Definition confined S g := [forall x, if x \in S then g x \in S else g x == x].
Definition fibres_in_on S g := [forall x in S, P #|[set y in S | g y == x]|].
Definition connected_on S g := [forall x in S, forall y in S, connect (funrel g) x y].
Definition glue S g h : {ffun T -> T} := [ffun x => if x \in S then g x else h x].
Definition restr S f : {ffun T -> T} := [ffun x => if x \in S then f x else x].

Lemma connect_funrel_sym f : connect_sym (funrel f).
Proof. by apply/sym_connect_sym => x y; rewrite /funrel orbC. Qed.

Lemma confined_in S g x : confined S g -> x \in S -> g x \in S.
Proof. by move/forallP/(_ x) => + xS; rewrite xS. Qed.

Lemma confined_out S g x : confined S g -> x \notin S -> g x = x.
Proof. by move/forallP/(_ x) => + xS; rewrite (negbTE xS) => /eqP. Qed.

Section Glue.
Variables (S : {set T}) (g h : {ffun T -> T}).
Hypotheses (conf_g : confined S g) (conf_h : confined (~: S) h).
Let f := glue S g h.

Lemma glue_in x : x \in S -> f x = g x.
Proof. by rewrite /f ffunE => ->. Qed.

Lemma glue_out x : x \notin S -> f x = h x.
Proof. by rewrite /f ffunE => /negbTE ->. Qed.

Lemma glue_mem x : (f x \in S) = (x \in S).
Proof.
have [xS|xNS] := boolP (x \in S); first by rewrite glue_in ?confined_in.
by rewrite glue_out //; apply/negbTE; rewrite -in_setC confined_in ?inE.
Qed.

Lemma glue_closed : closed (funrel f) S.
Proof. by move=> x y; case/orP=> /eqP <-; rewrite glue_mem. Qed.

Lemma fibres_in_glue : fibres_in P f = fibres_in_on S g && fibres_in_on (~: S) h.
Proof.
have fibreE x : [set y | f y == x] =
    if x \in S then [set y in S | g y == x] else [set y in ~: S | h y == x].
  apply/setP => y; case xS: (x \in S); case yS: (y \in S); rewrite !inE ?yS /=.
  - by rewrite glue_in ?yS.
  - by apply: contraFF yS => /eqP fy; rewrite -glue_mem fy xS.
  - by apply: contraTF yS => /eqP fy; rewrite -glue_mem fy xS.
  - by rewrite glue_out ?yS.
apply/forallP/andP => [fib|[/forall_inP fibS /forall_inP fibNS] x].
  split; apply/forall_inP => x; rewrite ?inE => xS; move: (fib x).
    by rewrite fibreE xS.
  by rewrite fibreE (negbTE xS).
rewrite fibreE; case: ifP => xS; first exact: fibS.
by apply: fibNS; rewrite inE xS.
Qed.

Lemma component_glue x0 : x0 \in S -> (component f x0 == S) = connected_on S g.
Proof.
move=> x0S; apply/eqP/idP => [compE|conn_g].
  apply/forall_inP => x xS; apply/forall_inP => y yS.
  have cxy : connect (funrel f) x y.
    move: xS yS; rewrite -compE !inE => cx0x.
    by apply: connect_trans; rewrite connect_funrel_sym.
  apply: (connect_homo_in (A := mem S) (m := id) _ xS cxy) => u v /= uS fuv.
  have vS : v \in S by rewrite -(glue_closed fuv).
  by rewrite vS /= /funrel -!glue_in.
apply/setP => y; rewrite inE; apply/idP/idP => [cy|yS].
  by rewrite -(closed_connect glue_closed cy).
have cg : connect (funrel g) x0 y by move/forall_inP/(_ x0 x0S)/forall_inP: conn_g; apply.
apply: (connect_homo_in (A := mem S) (m := id) _ x0S cg) => u v /= uS.
case/orP => /eqP guv.
  by rewrite -guv confined_in //= /funrel glue_in // guv eqxx.
have vS : v \in S.
  by apply: contraT => vNS; move: uS; rewrite -guv (confined_out conf_g vNS) (negbTE vNS).
by rewrite vS /funrel !glue_in // guv eqxx orbT.
Qed.

End Glue.

Section Restrict.
Variables (f : {ffun T -> T}) (x0 : T).
Let S := component f x0.

Lemma component_mem x : (f x \in S) = (x \in S).
Proof.
have := connect_closed (connect_funrel_sym f) x0 (x := x) (y := f x).
by rewrite /S !inE => ->; rewrite // /funrel eqxx.
Qed.

Lemma confined_restr : confined S (restr S f).
Proof.
by apply/forallP => x; rewrite ffunE; case xS: (x \in S); rewrite /= ?component_mem ?xS.
Qed.

Lemma confined_restrC : confined (~: S) (restr (~: S) f).
Proof.
by apply/forallP => x; rewrite ffunE !in_setC; case xS: (x \in S); rewrite /= ?component_mem ?xS.
Qed.

Lemma glue_restr : glue S (restr S f) (restr (~: S) f) = f.
Proof. by apply/ffunP => x; rewrite !ffunE in_setC; case: (x \in S). Qed.

End Restrict.

Definition conn_parts S := [set g | [&& confined S g, fibres_in_on S g & connected_on S g]].
Definition parts S := [set h | confined S h && fibres_in_on S h].

Lemma card_component_parts S x0 : x0 \in S ->
  #|[set f | fibres_in P f && (component f x0 == S)]| =
  #|conn_parts S| * #|parts (~: S)|.
Proof.
move=> x0S; rewrite -cardsX.
have -> : [set f | fibres_in P f && (component f x0 == S)] =
    [set glue S gh.1 gh.2 | gh in setX (conn_parts S) (parts (~: S))].
  apply/setP => f; rewrite inE; apply/andP/imsetP => [[fib_f /eqP compE]|[[g h]]].
    subst S; have conf1 := confined_restr f x0; have conf2 := confined_restrC f x0.
    move: fib_f; rewrite -{1}(glue_restr f x0) fibres_in_glue // => /andP[fib1 fib2].
    exists (restr (component f x0) f, restr (~: component f x0) f); last by rewrite glue_restr.
    rewrite !in_setX !in_set conf1 conf2 fib1 fib2 /=.
    by rewrite -(component_glue conf1 conf2 x0S) glue_restr eqxx.
  rewrite !inE /= => /andP[/and3P[conf_g fib_g conn_g] /andP[conf_h fib_h]] ->.
  by rewrite fibres_in_glue // fib_g fib_h component_glue.
apply: card_in_imset => -[g h] [g' h']; rewrite !inE /=.
move=> /andP[/and3P[cg _ _] /andP[ch _]] /andP[/and3P[cg' _ _] /andP[ch' _]] E.
have Ex x := congr1 (fun k : {ffun T -> T} => k x) E.
congr pair; apply/ffunP => x; case xS: (x \in S).
- by move: (Ex x); rewrite /= !glue_in.
- by rewrite (confined_out cg) ?xS // (confined_out cg') ?xS.
- by rewrite (confined_out ch) ?inE ?xS // (confined_out ch') ?inE ?xS.
- by move: (Ex x); rewrite /= !glue_out ?xS.
Qed.

Section Relabel.
Variables (S : {set T}) (x0 : T).
Hypothesis x0S : x0 \in S.
Local Notation I := 'I_#|S|.

Let sg (i : I) : T := enum_val i.
Let ps (x : T) : I := enum_rank_in x0S x.
Let sgP i : sg i \in S := enum_valP i.
Let psK x : x \in S -> sg (ps x) = x := @enum_rankK_in _ _ _ x0S x.
Let sgK i : ps (sg i) = i := enum_valK_in x0S i.
Let sg_inj : injective sg := can_inj sgK.

Definition lift_fun (u : {ffun I -> I}) : {ffun T -> T} :=
  [ffun x => if x \in S then sg (u (ps x)) else x].
Definition proj_fun (g : {ffun T -> T}) : {ffun I -> I} := [ffun i => ps (g (sg i))].

Lemma lift_fun_out u x : x \notin S -> lift_fun u x = x.
Proof. by rewrite ffunE => /negbTE ->. Qed.

Lemma lift_fun_enum u i : lift_fun u (sg i) = sg (u i).
Proof. by rewrite ffunE sgP sgK. Qed.

Lemma confined_lift_fun u : confined S (lift_fun u).
Proof.
apply/forallP => x; case: ifP => xS; first by rewrite -(psK xS) lift_fun_enum sgP.
by rewrite lift_fun_out ?xS.
Qed.

Lemma lift_funK : cancel lift_fun proj_fun.
Proof. by move=> u; apply/ffunP => i; rewrite ffunE lift_fun_enum sgK. Qed.

Lemma proj_funK g : confined S g -> lift_fun (proj_fun g) = g.
Proof.
move=> conf_g; apply/ffunP => x; rewrite !ffunE; case: ifP => xS.
  by rewrite psK ?confined_in // psK.
by rewrite (confined_out conf_g) ?xS.
Qed.

Lemma card_fibre_lift_fun u i :
  #|[set y in S | lift_fun u y == sg i]| = #|[set j | u j == i]|.
Proof.
rewrite -(card_imset _ sg_inj); apply: eq_card => y; rewrite !inE.
apply/andP/imsetP => [[yS]|[j]].
  by rewrite -(psK yS) lift_fun_enum (inj_eq sg_inj) => uy; exists (ps y); rewrite ?inE ?psK.
by rewrite inE => /eqP <- ->; rewrite sgP lift_fun_enum.
Qed.

Lemma fibres_in_on_lift_fun u : fibres_in_on S (lift_fun u) = fibres_in P u.
Proof.
apply/forall_inP/forallP => [fib i|fib x xS]; first by rewrite -card_fibre_lift_fun fib ?sgP.
by rewrite -(psK xS) card_fibre_lift_fun.
Qed.

Lemma connected_on_lift_fun u : connected_on S (lift_fun u) = fconnected u.
Proof.
have funrel_lift i j : funrel (lift_fun u) (sg i) (sg j) = funrel u i j.
  by rewrite /funrel !lift_fun_enum !(inj_eq sg_inj).
apply/forall_inP/forallP => [conn i|conn x xS].
  apply/forallP => j; rewrite -(sgK i) -(sgK j).
  move/forall_inP: (conn _ (sgP i)) => /(_ _ (sgP j)).
  apply: (connect_homo_in (A := mem S) _ (sgP i)) => x y /= xS fxy.
  have yS : y \in S.
    case/orP: fxy => /eqP fx; first by rewrite -fx confined_in ?confined_lift_fun.
    by apply: contraTT xS => yNS; rewrite -fx lift_fun_out.
  by rewrite yS -funrel_lift !psK.
apply/forall_inP => y yS; rewrite -(psK xS) -(psK yS).
move/forallP/(_ (ps y)): (conn (ps x)).
by apply: (connect_homo_in (A := predT) _ isT) => i j _; rewrite funrel_lift.
Qed.

Lemma card_parts_lift_fun :
  #|parts S| = #|[set u : {ffun I -> I} | fibres_in P u]|.
Proof.
rewrite -(card_imset _ (can_inj lift_funK)); apply: eq_card => g; rewrite !inE.
apply/andP/imsetP => [[conf_g fib_g]|[u]].
  by exists (proj_fun g); rewrite ?inE -?fibres_in_on_lift_fun proj_funK.
by rewrite inE => fib_u ->; rewrite confined_lift_fun fibres_in_on_lift_fun.
Qed.

Lemma card_conn_parts_lift_fun :
  #|conn_parts S| = #|[set u : {ffun I -> I} | fibres_in P u && fconnected u]|.
Proof.
rewrite -(card_imset _ (can_inj lift_funK)); apply: eq_card => g; rewrite !inE.
apply/and3P/imsetP => [[conf_g fib_g conn_g]|[u]].
  exists (proj_fun g); rewrite ?proj_funK // inE.
  by rewrite -fibres_in_on_lift_fun -connected_on_lift_fun proj_funK ?fib_g.
rewrite inE => /andP[fib_u conn_u] ->.
by rewrite confined_lift_fun fibres_in_on_lift_fun connected_on_lift_fun.
Qed.

End Relabel.
End FunctionalGraph.

Definition nfun (P : pred nat) k := #|[set u : {ffun 'I_k -> 'I_k} | fibres_in P u]|.
Definition nconn (P : pred nat) k :=
  #|[set u : {ffun 'I_k -> 'I_k} | fibres_in P u && fconnected u]|.

Lemma nfun0 P : nfun P 0 = 1%N.
Proof.
rewrite /nfun (_ : [set u | _] = setT) ?cardsT ?card_ffun ?card_ord //.
by apply/setP => u; rewrite !inE; apply/forallP => -[].
Qed.

Section Counting.
Variables (P : pred nat) (T : finType).
Implicit Types (f : {ffun T -> T}) (S : {set T}).

Lemma card_parts S : #|parts P S| = nfun P #|S|.
Proof.
have [->|[x0 x0S]] := set_0Vmem S; last by rewrite (card_parts_lift_fun P x0S).
rewrite cards0 nfun0; apply/eqP/cards1P; exists [ffun x => x]; apply/setP => g.
rewrite !inE; apply/andP/eqP => [[conf_g _]|->].
  by apply/ffunP => x; rewrite ffunE (confined_out conf_g) ?inE.
by split; [apply/forallP => x; rewrite inE ffunE | apply/forall_inP => x; rewrite inE].
Qed.

Lemma card_component S x0 : x0 \in S ->
  #|[set f | fibres_in P f && (component f x0 == S)]| =
  (nconn P #|S| * nfun P (#|T| - #|S|))%N.
Proof.
move=> x0S; rewrite card_component_parts // (card_conn_parts_lift_fun P x0S) card_parts.
by rewrite [in (#|T| - _)%N](cardsCs S) subKn ?max_card.
Qed.

Lemma sum_components (w : T -> {set T} -> nat) :
  \sum_(f | fibres_in P f) \sum_x w x (component f x) =
  \sum_(S : {set T}) nconn P #|S| * nfun P (#|T| - #|S|) * \sum_(x in S) w x S.
Proof.
rewrite exchange_big /=.
transitivity (\sum_x \sum_(S : {set T})
                (x \in S) * (nconn P #|S| * nfun P (#|T| - #|S|) * w x S)).
  apply: eq_bigr => x _; rewrite (partition_big (fun f => component f x) predT) //=.
  apply: eq_bigr => S _.
  rewrite (eq_bigr (fun _ => w x S)); last by move=> f /andP[_ /eqP ->].
  rewrite (eq_bigl (fun f => f \in [set f | fibres_in P f && (component f x == S)])); last first.
    by move=> f; rewrite inE.
  rewrite sum_nat_const; have [xS|xNS] := boolP (x \in S).
    by rewrite card_component //= mul1n.
  rewrite mul0n (_ : [set f | _] = set0) ?cards0 //; apply/setP => f; rewrite !inE.
  by apply: contraNF xNS => /andP[_ /eqP <-]; rewrite inE connect0.
rewrite exchange_big /=; apply: eq_bigr => S _.
rewrite big_distrr /= [in RHS]big_mkcond /=; apply: eq_bigr => x _.
by case: (x \in S); rewrite ?mul1n ?mul0n ?muln0.
Qed.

▬▬▬▬▬▬▬▬▬▬

What to work on: Write out exactly the lines above between the line with "Section Restrict." and the line with "End Restrict.", inclusive, and nothing beyond them.

The answer:
Section Restrict.
Variables (f : {ffun T -> T}) (x0 : T).
Let S := component f x0.

Lemma component_mem x : (f x \in S) = (x \in S).
Proof.
have := connect_closed (connect_funrel_sym f) x0 (x := x) (y := f x).
by rewrite /S !inE => ->; rewrite // /funrel eqxx.
Qed.

Lemma confined_restr : confined S (restr S f).
Proof.
by apply/forallP => x; rewrite ffunE; case xS: (x \in S); rewrite /= ?component_mem ?xS.
Qed.

Lemma confined_restrC : confined (~: S) (restr (~: S) f).
Proof.
by apply/forallP => x; rewrite ffunE !in_setC; case xS: (x \in S); rewrite /= ?component_mem ?xS.
Qed.

Lemma glue_restr : glue S (restr S f) (restr (~: S) f) = f.
Proof. by apply/ffunP => x; rewrite !ffunE in_setC; case: (x \in S). Qed.

End Restrict.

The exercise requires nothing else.